(* Let $q$ be odd and $c\in{\mathbb F}_q$. Then $$\prod\Big\{c-a: a\in{\mathbb F}_q,\ \left(\tfrac{a^2-4}{q}\right)=1\Big\}=\begin{cases}0&\text{if }\left(\frac{c^2-4}{q}\right)=1,\\ \left(\frac{c-2}{q}\right)&\text{if }\left(\frac{c^2-4}{q}\right)=-1,\\ -1/2& c=2,\\ \left(\frac{-1}{q}\right)/2 & c=-2,\end{cases}$$ $$\prod\Big\{c-b: b\in{\mathbb F}_q,\ \left(\tfrac{b^2-4}{q}\right)=-1\Big\}=\begin{cases}\left(\frac{c-2}{q}\right)&\text{if }\left(\frac{c^2-4}{q}\right)=1,\\ 0&\text{if }\left(\frac{c^2-4}{q}\right)=-1,\\ 1/2& c=2,\\ \left(\frac{-1}{q}\right)/2 & c=-2,\end{cases}$$ where an empty product equals $1$.
   Context: $\left(\frac{a}{q}\right)$ denotes the Legendre symbol on ${\mathbb F}_q$: $1$ if $a$ is a nonzero square, $-1$ if a nonsquare, $0$ if $a=0$. *)

From HB Require Import structures.
From mathcomp Require Import all_boot all_order all_algebra all_fingroup all_field.
Set Implicit Arguments. Unset Strict Implicit. Unset Printing Implicit Defensive.
Import GRing.Theory.
Local Open Scope ring_scope.

Definition legendre (F : finFieldType) (a : F) : int :=
  if a == 0 then 0 else if [exists b : F, b ^+ 2 == a] then 1 else -1.

From HB Require Import structures.
From mathcomp Require Import all_boot all_algebra all_fingroup all_solvable all_field ring zify.
Set Implicit Arguments. Unset Strict Implicit. Unset Printing Implicit Defensive.
Import GRing.Theory.
Local Open Scope ring_scope.

(* Write m = (q - 1) / 2.  By Euler's criterion the Legendre symbol of x is x ^ m,
   so whenever a ^ 2 - 4 = (a - 2) (a + 2) has symbol e = +-1 we get
   (a - 2) ^ m = e (a + 2) ^ m: such a are roots of G_e = (X - 2) ^ m - e (X + 2) ^ m.
   Since 2m = -1 in F, G_1 has degree m - 1 and G_(-1) degree m, both with leading
   coefficient 2.  The two root sets and {2, -2} partition F, which has 2m + 1
   elements, so the root counts are sharp and G_e = 2 \prod_(a : e) (X - a).
   Evaluating at c gives all eight cases. *)

Lemma natr_card_finNzRing (R : finNzRingType) : (#|R|%:R : R) = 0.
Proof. by have := expg_cardG (in_setT (1 : R)); rewrite cardsT FinRing.zmodXgE. Qed.

Lemma size_poly_coef_eq (R : nzSemiRingType) (p : {poly R}) n :
  (size p <= n.+1)%N -> p`_n != 0 -> size p = n.+1.
Proof.
move=> le_p_n nz_pn; apply/anti_leq; rewrite le_p_n ltnNge.
by apply: contra nz_pn => /(nth_default 0) ->.
Qed.

Lemma coef_exp_XsubC_top (R : nzRingType) (b : R) n : (('X - b%:P) ^+ n)`_n = 1.
Proof. by have := monicP (monic_exp n (monicXsubC b)); rewrite /lead_coef size_exp_XsubC. Qed.

Lemma coef_exp_XsubC_high (R : nzRingType) (b : R) n j :
  (n < j)%N -> (('X - b%:P) ^+ n)`_j = 0.
Proof. by move=> lt_nj; rewrite nth_default // size_exp_XsubC. Qed.

Lemma coef_exp_XsubC_subtop (R : nzRingType) (b : R) n :
  (('X - b%:P) ^+ n.+1)`_n = - (n.+1%:R * b).
Proof.
elim: n => [|n IHn]; first by rewrite expr1 coefB coefX coefC /= mul1r sub0r.
rewrite exprSr mulrBr coefB coefMX /= IHn coefMC coef_exp_XsubC_top mul1r.
by rewrite [in RHS]mulrSr mulrDl mul1r opprD.
Qed.

Lemma sqr_sub4 (R : comNzRingType) (a : R) : a ^+ 2 - 4 = (a - 2) * (a + 2).
Proof. ring. Qed.

Lemma polyXaddC2 (R : nzRingType) : 'X + 2%:P = 'X - (-2)%:P :> {poly R}.
Proof. by rewrite polyCN opprK. Qed.

Lemma legendre_eq0 (F : finFieldType) (x : F) : (legendre x == 0) = (x == 0).
Proof. by rewrite /legendre; case: (x == 0) => //; case: ifP. Qed.

Section RootsOverFiniteField.
Variables (F : finFieldType) (S : {pred F}) (p : {poly F}).
Hypothesis rootS : {in S, forall x, root p x}.

Lemma card_roots_lt_size : p != 0 -> (#|S| < size p)%N.
Proof.
move=> nz_p; rewrite cardE; apply: max_poly_roots nz_p _ (enum_uniq _).
by apply/allP=> x; rewrite mem_enum => /rootS.
Qed.

Lemma horner_prod_roots c : size p = #|S|.+1 ->
  p.[c] = lead_coef p * \prod_(a in S) (c - a).
Proof.
rewrite cardE => /all_roots_prod_XsubC -> //; last by rewrite uniq_rootsE enum_uniq.
  rewrite lead_coefZ lead_coef_prod_XsubC mulr1 hornerZ horner_prod big_enum /=.
  by under eq_bigr do rewrite hornerXsubC.
by apply/allP=> x; rewrite mem_enum => /rootS.
Qed.

End RootsOverFiniteField.

Section OddFiniteField.
Variables (F : finFieldType).
Hypothesis oddF : odd #|F|.
Let m := #|F|./2.

Lemma card_odd_finField : #|F| = m.*2.+1.
Proof. by rewrite /m -{1}(odd_double_half #|F|) oddF. Qed.

Lemma half_card_gt0 : (0 < m)%N.
Proof. by have := finNzRing_gt1 F; rewrite card_odd_finField; case: m. Qed.

Lemma natr_half_card : m%:R * 2 = -1 :> F.
Proof.
apply/eqP; rewrite -addr_eq0 -[m%:R * 2]natrM muln2 natr1 -card_odd_finField.
by rewrite natr_card_finNzRing.
Qed.

Lemma two_neq0 : 2 != 0 :> F.
Proof.
by apply: contra_eq_neq natr_half_card => ->; rewrite mulr0 eq_sym oppr_eq0 oner_eq0.
Qed.

Lemma expf_half_card_sqr (x : F) : x != 0 -> (x ^+ 2) ^+ m = 1.
Proof.
move=> nz_x; apply: (mulIf nz_x).
by rewrite -exprM mul1r -exprSr mul2n -card_odd_finField expf_card.
Qed.

Definition nonzero_square : {pred F} := [pred s | (s != 0) && [exists b, b ^+ 2 == s]].

Lemma half_card_le_nonzero_squares : (m <= #|nonzero_square|)%N.
Proof.
have fiber_le2 (s : F) : (#|[pred b : F | (b != 0%R) && (b ^+ 2 == s)]| <= 2)%N.
  have nz_p : ('X^2 - s%:P : {poly F}) != 0 by rewrite -size_poly_eq0 size_XnsubC.
  rewrite -ltnS -[3%N](size_XnsubC s) //; apply: card_roots_lt_size nz_p.
  by move=> b /andP[_ /eqP <-]; rewrite rootE !hornerE subrr.
have := cardC1 (0 : F); rewrite card_odd_finField /= => card_nz.
rewrite -(leq_double m) -card_nz -sum1_card.
rewrite (partition_big (fun b => b ^+ 2) nonzero_square) /=; last first.
  by move=> b nz_b; apply/andP; split; [exact: expf_neq0 | apply/existsP; exists b].
rewrite -muln2 -sum_nat_const; apply: leq_sum => s _; rewrite sum1_card.
exact: fiber_le2.
Qed.

Lemma expf_half_nonzero_square (s : F) : nonzero_square s -> s ^+ m = 1.
Proof.
case/andP=> nz_s /existsP[b /eqP sq_b]; rewrite -sq_b expf_half_card_sqr //.
by apply: contraNneq nz_s => b0; rewrite -sq_b b0 expr0n.
Qed.

Lemma legendre_expf (a : F) : (legendre a)%:~R = a ^+ m.
Proof.
rewrite /legendre; have [->|nz_a] := eqVneq a 0.
  by rewrite expr0n eqn0Ngt half_card_gt0.
case: ifP => [sq_a | nsq_a]; first by rewrite expf_half_nonzero_square //; apply/andP.
suff: a ^+ m != 1.
  have := expf_half_card_sqr nz_a; rewrite -exprM mulnC exprM.
  by move=> /eqP; rewrite sqrf_eq1 => /orP[->|/eqP->].
(* otherwise X^m - 1 would have the m nonzero squares and a as roots *)
apply/negP => /eqP am1.
have nz_p : ('X^m - 1%:P : {poly F}) != 0.
  by rewrite -size_poly_eq0 size_XnsubC ?half_card_gt0.
have roots_p : {in predU1 a nonzero_square, forall x, root ('X^m - 1%:P) x}.
  move=> x /predU1P[->|/expf_half_nonzero_square sq_x]; rewrite rootE !hornerE.
    by rewrite am1 subrr.
  by rewrite sq_x subrr.
have card_aS : #|predU1 a nonzero_square| = #|nonzero_square|.+1.
  by rewrite cardU1 -topredE /= nsq_a andbF.
have := card_roots_lt_size roots_p nz_p.
rewrite size_XnsubC ?half_card_gt0 // card_aS ltnS.
by rewrite leqNgt ltnS half_card_le_nonzero_squares.
Qed.

Lemma expf_half_mul (x y : F) : y != 0 -> x ^+ m = (legendre (x * y))%:~R * y ^+ m.
Proof.
move=> nz_y; rewrite legendre_expf exprMn -mulrA -expr2 -exprM mulnC exprM.
by rewrite expf_half_card_sqr // mulr1.
Qed.

Definition discr_level (e : int) : {pred F} := [pred a | legendre (a ^+ 2 - 4) == e].

Lemma expf_half_discr_level (e : int) (a : F) : e != 0 -> a \in discr_level e ->
  (a - 2) ^+ m = e%:~R * (a + 2) ^+ m.
Proof.
move=> nz_e /eqP lev_a; have nz_a2 : a + 2 != 0.
  by apply: contra_eq_neq lev_a => a2; rewrite sqr_sub4 a2 mulr0 /legendre eqxx eq_sym.
by rewrite (expf_half_mul _ nz_a2) -sqr_sub4 lev_a.
Qed.

Definition halfpow (e : int) : {poly F} :=
  ('X - 2%:P) ^+ m - e%:~R *: ('X + 2%:P) ^+ m.

Lemma horner_halfpow (e : int) (c : F) :
  (halfpow e).[c] = (c - 2) ^+ m - e%:~R * (c + 2) ^+ m.
Proof.
by rewrite /halfpow hornerD hornerN hornerZ !horner_exp hornerXsubC hornerD hornerX hornerC.
Qed.

Lemma root_halfpow (e : int) : e != 0 -> {in discr_level e, forall a, root (halfpow e) a}.
Proof.
move=> nz_e a lev_a; rewrite rootE horner_halfpow.
by rewrite (expf_half_discr_level nz_e lev_a) subrr.
Qed.

Lemma coef_halfpow1 : (halfpow 1)`_m.-1 = 2.
Proof.
have mE : m = m.-1.+1 by rewrite prednK ?half_card_gt0.
rewrite /halfpow scale1r polyXaddC2 coefB [in X in X - _]mE [in X in _ - X]mE.
rewrite !coef_exp_XsubC_subtop -mE.
transitivity (- 2 * (m%:R * 2) : F); first ring.
by rewrite natr_half_card mulrNN mulr1.
Qed.

Lemma coef_halfpow (e : int) : (halfpow e)`_m = 1 - e%:~R.
Proof. by rewrite /halfpow polyXaddC2 coefB coefZ !coef_exp_XsubC_top mulr1. Qed.

Lemma coef_halfpow_high (e : int) j : (m < j)%N -> (halfpow e)`_j = 0.
Proof.
by move=> lt_mj; rewrite /halfpow polyXaddC2 coefB coefZ !coef_exp_XsubC_high ?mulr0 ?subr0.
Qed.

Lemma size_halfpow1 : size (halfpow 1) = m.
Proof.
rewrite -[in RHS](prednK half_card_gt0); apply: size_poly_coef_eq.
  rewrite prednK ?half_card_gt0 //; apply/leq_sizeP => j.
  by rewrite leq_eqVlt => /predU1P[<-|/coef_halfpow_high//]; rewrite coef_halfpow subrr.
by rewrite coef_halfpow1 two_neq0.
Qed.

Lemma size_halfpowN1 : size (halfpow (-1)) = m.+1.
Proof.
apply: size_poly_coef_eq; first by apply/leq_sizeP => j /coef_halfpow_high.
by rewrite coef_halfpow opprK two_neq0.
Qed.

Lemma card_discr_levels : (#|discr_level 1| + #|discr_level (-1)| + 2 = #|F|)%N.
Proof.
rewrite -(cardC (discr_level 1)) -addnA; congr (_ + _)%N.
rewrite -(cardID (discr_level (-1)) (predC (discr_level 1))); congr (_ + _)%N.
  apply: eq_card => a; rewrite !inE /discr_level /=.
  by case: (legendre (a ^+ 2 - 4) =P -1) => [-> //|_]; rewrite andbF.
have two_neqN2 : (2 : F) != -2.
  by rewrite -addr_eq0 (_ : 2 + 2 = 2 * 2) ?mulf_neq0 ?two_neq0 //; ring.
have -> : 2%N = #|pred2 (2 : F) (-2)| by rewrite card2 two_neqN2.
apply: eq_card => a.
have : (legendre (a ^+ 2 - 4) == 0) = (a \in pred2 2 (-2)).
  by rewrite legendre_eq0 sqr_sub4 mulf_eq0 subr_eq0 addr_eq0.
by rewrite !inE /discr_level /legendre /= => <-; case: (a ^+ 2 - 4 =P 0) => _ //; case: ifP.
Qed.

Lemma size_halfpow_discr_level :
  size (halfpow 1) = #|discr_level 1|.+1 /\ size (halfpow (-1)) = #|discr_level (-1)|.+1.
Proof.
have nz_halfpow1 : halfpow 1 != 0 by rewrite -size_poly_gt0 size_halfpow1 half_card_gt0.
have nz_halfpowN1 : halfpow (-1) != 0 by rewrite -size_poly_gt0 size_halfpowN1.
have := card_roots_lt_size (root_halfpow (e := 1) isT) nz_halfpow1.
have := card_roots_lt_size (root_halfpow (e := -1) isT) nz_halfpowN1.
have := card_discr_levels; rewrite size_halfpow1 size_halfpowN1 card_odd_finField.
lia.
Qed.

Lemma prod_discr_level (e : int) (c : F) : (e == 1) || (e == -1) ->
  \prod_(a | legendre (a ^+ 2 - 4) == e) (c - a) =
  ((c - 2) ^+ m - e%:~R * (c + 2) ^+ m) / 2.
Proof.
have [size1 sizeN1] := size_halfpow_discr_level.
have lead1 : lead_coef (halfpow 1) = 2 by rewrite /lead_coef size_halfpow1 coef_halfpow1.
have leadN1 : lead_coef (halfpow (-1)) = 2.
  by rewrite /lead_coef size_halfpowN1 coef_halfpow opprK.
rewrite -horner_halfpow; case/orP=> /eqP->.
  rewrite (horner_prod_roots (root_halfpow (e := 1) isT) c size1) lead1.
  by rewrite mulrC mulKf ?two_neq0.
rewrite (horner_prod_roots (root_halfpow (e := -1) isT) c sizeN1) leadN1.
by rewrite mulrC mulKf ?two_neq0.
Qed.

Lemma expf_half_four : (2 + 2 : F) ^+ m = 1.
Proof. by rewrite -[RHS](expf_half_card_sqr two_neq0); congr (_ ^+ _); ring. Qed.

End OddFiniteField.

Theorem proposition7p4 (F : finFieldType) (Hodd : odd #|F|) (c : F) :
  ((legendre (c ^+ 2 - 4) = 1 ->
      \prod_(a : F | legendre (a ^+ 2 - 4) == 1) (c - a) = 0) /\
   (legendre (c ^+ 2 - 4) = -1 ->
      \prod_(a : F | legendre (a ^+ 2 - 4) == 1) (c - a) = (legendre (c - 2))%:~R) /\
   (c = 2 ->
      \prod_(a : F | legendre (a ^+ 2 - 4) == 1) (c - a) = - (1 / 2)) /\
   (c = -2 ->
      \prod_(a : F | legendre (a ^+ 2 - 4) == 1) (c - a) = (legendre (-1 : F))%:~R / 2))
  /\
  ((legendre (c ^+ 2 - 4) = 1 ->
      \prod_(b : F | legendre (b ^+ 2 - 4) == -1) (c - b) = (legendre (c - 2))%:~R) /\
   (legendre (c ^+ 2 - 4) = -1 ->
      \prod_(b : F | legendre (b ^+ 2 - 4) == -1) (c - b) = 0) /\
   (c = 2 ->
      \prod_(b : F | legendre (b ^+ 2 - 4) == -1) (c - b) = 1 / 2) /\
   (c = -2 ->
      \prod_(b : F | legendre (b ^+ 2 - 4) == -1) (c - b) = (legendre (-1 : F))%:~R / 2)).
Proof.
have two_nz := two_neq0 Hodd.
have zero_pow : (0 : F) ^+ #|F|./2 = 0 by rewrite expr0n eqn0Ngt half_card_gt0.
have pow_m4 : (-2 - 2 : F) ^+ #|F|./2 = (legendre (-1 : F))%:~R.
  by rewrite legendre_expf // -[RHS]mulr1 -(expf_half_four Hodd) -exprMn; congr (_ ^+ _); ring.
have prod1 := prod_discr_level Hodd (e := 1) c isT.
have prodN1 := prod_discr_level Hodd (e := -1) c isT.
split; (split; [|split; [|split]]).
- by move=> lev_c; rewrite (bigD1 c) ?lev_c //= subrr mul0r.
- move=> /eqP lev_c; rewrite prod1 legendre_expf //.
  by rewrite (expf_half_discr_level Hodd (e := -1) isT lev_c); field.
- by move=> c2; rewrite prod1 c2 subrr zero_pow (expf_half_four Hodd); field.
- by move=> cN2; rewrite prod1 cN2 pow_m4 (_ : -2 + 2 = 0) ?zero_pow; [field | ring].
- move=> /eqP lev_c; rewrite prodN1 legendre_expf //.
  by rewrite (expf_half_discr_level Hodd (e := 1) isT lev_c); field.
- by move=> lev_c; rewrite (bigD1 c) ?lev_c //= subrr mul0r.
- by move=> c2; rewrite prodN1 c2 subrr zero_pow (expf_half_four Hodd); field.
- by move=> cN2; rewrite prodN1 cN2 pow_m4 (_ : -2 + 2 = 0) ?zero_pow; [field | ring].
Qed.
Lemma PASM_shift x : @PASM R n lam x <-> ASMCRY lam (x + C).
Proof.
rewrite ASMCRY_conv; split.
  apply: conv_shift => _ [mu [mu_part lam_mu mu_delta ->]].
  by split; [apply: shifted_Mmu_ASM | apply: shifted_Mmu_vanishes].
move=> /(conv_shift (c := - C)); rewrite addrK; apply=> B [B_ASM B0].
have [mu [mu_part lam_mu mu_delta ->]] := vanishing_ASM_shifted_Mmu lam_part lam_delta B_ASM B0.
by exists mu; rewrite addrK.
Qed.

End Hulls.

End AlternatingSignMatrices.

Lemma bij_onto_shift (V : zmodType) (f : V -> V) c (P Q : V -> Prop) :
  (forall x, f x = x + c) -> (forall x, P x <-> Q (x + c)) -> bij_onto f P Q.
Proof.
move=> fE PQ; split=> [x /PQ | x y _ _ | y Qy]; rewrite ?fE //; first exact: addIr.
by exists (y - c); rewrite fE subrK; split=> //; apply/PQ; rewrite subrK.
Qed.

Lemma intmx_shift (R : realType) m n (c x : 'M[R]_(m, n)) :
  intmx c -> intmx x <-> intmx (x + c).
Proof.
move=> c_int; split=> x_int i j; have [zc czc] := c_int i j; have [z xz] := x_int i j.
  by exists (z + zc)%R; rewrite mxE xz czc intrD.
by exists (z - zc)%R; rewrite intrB -xz -czc mxE addrK.
Qed.

Lemma intmx_antidiag (R : realType) n : intmx (antidiag_mx R n).
Proof. by move=> i j; exists (i + j == n)%N%:Z; rewrite mxE. Qed.

Theorem mainTheorem8 (R : realType) (n : nat) (lambda : seq nat) :
  (2 <= n)%N -> is_partition lambda -> subpart lambda (delta n) ->
  integral_equiv (@phi R n) (@PASM R n lambda) (@ASMCRY R n lambda).
Proof.
(* The argument works for every n. *)
move=> _ lam_part lam_delta.
have shiftE := @PASM_shift R n lambda lam_part lam_delta.
split.
- by exists (idfun : {linear 'M[R]_n -> 'M[R]_n}), (antidiag_mx R n) => x; rewrite phiE.
- by apply: (bij_onto_shift (c := antidiag_mx R n)) => x; [apply: phiE | apply: shiftE].
- apply: (bij_onto_shift (c := antidiag_mx R n)) => x; first exact: phiE.
  rewrite -intmx_shift; last exact: intmx_antidiag.
  by split=> -[x_int x_aff]; split=> //; apply/(aff_shiftE shiftE).
Qed.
------------------------------------------------------------
# Task goal:
In the listing above, transcribe exactly everything from the line containing "have := cardC1" down to the line containing "rewrite size_XnsubC ?half_card_gt0", including both and nothing more.

# Worked solution:
have := cardC1 (0 : F); rewrite card_odd_finField /= => card_nz.
rewrite -(leq_double m) -card_nz -sum1_card.
rewrite (partition_big (fun b => b ^+ 2) nonzero_square) /=; last first.
  by move=> b nz_b; apply/andP; split; [exact: expf_neq0 | apply/existsP; exists b].
rewrite -muln2 -sum_nat_const; apply: leq_sum => s _; rewrite sum1_card.
exact: fiber_le2.
Qed.

Lemma expf_half_nonzero_square (s : F) : nonzero_square s -> s ^+ m = 1.
Proof.
case/andP=> nz_s /existsP[b /eqP sq_b]; rewrite -sq_b expf_half_card_sqr //.
by apply: contraNneq nz_s => b0; rewrite -sq_b b0 expr0n.
Qed.

Lemma legendre_expf (a : F) : (legendre a)%:~R = a ^+ m.
Proof.
rewrite /legendre; have [->|nz_a] := eqVneq a 0.
  by rewrite expr0n eqn0Ngt half_card_gt0.
case: ifP => [sq_a | nsq_a]; first by rewrite expf_half_nonzero_square //; apply/andP.
suff: a ^+ m != 1.
  have := expf_half_card_sqr nz_a; rewrite -exprM mulnC exprM.
  by move=> /eqP; rewrite sqrf_eq1 => /orP[->|/eqP->].
(* otherwise X^m - 1 would have the m nonzero squares and a as roots *)
apply/negP => /eqP am1.
have nz_p : ('X^m - 1%:P : {poly F}) != 0.
  by rewrite -size_poly_eq0 size_XnsubC ?half_card_gt0.
have roots_p : {in predU1 a nonzero_square, forall x, root ('X^m - 1%:P) x}.
  move=> x /predU1P[->|/expf_half_nonzero_square sq_x]; rewrite rootE !hornerE.
    by rewrite am1 subrr.
  by rewrite sq_x subrr.
have card_aS : #|predU1 a nonzero_square| = #|nonzero_square|.+1.
  by rewrite cardU1 -topredE /= nsq_a andbF.
have := card_roots_lt_size roots_p nz_p.
rewrite size_XnsubC ?half_card_gt0 // card_aS ltnS.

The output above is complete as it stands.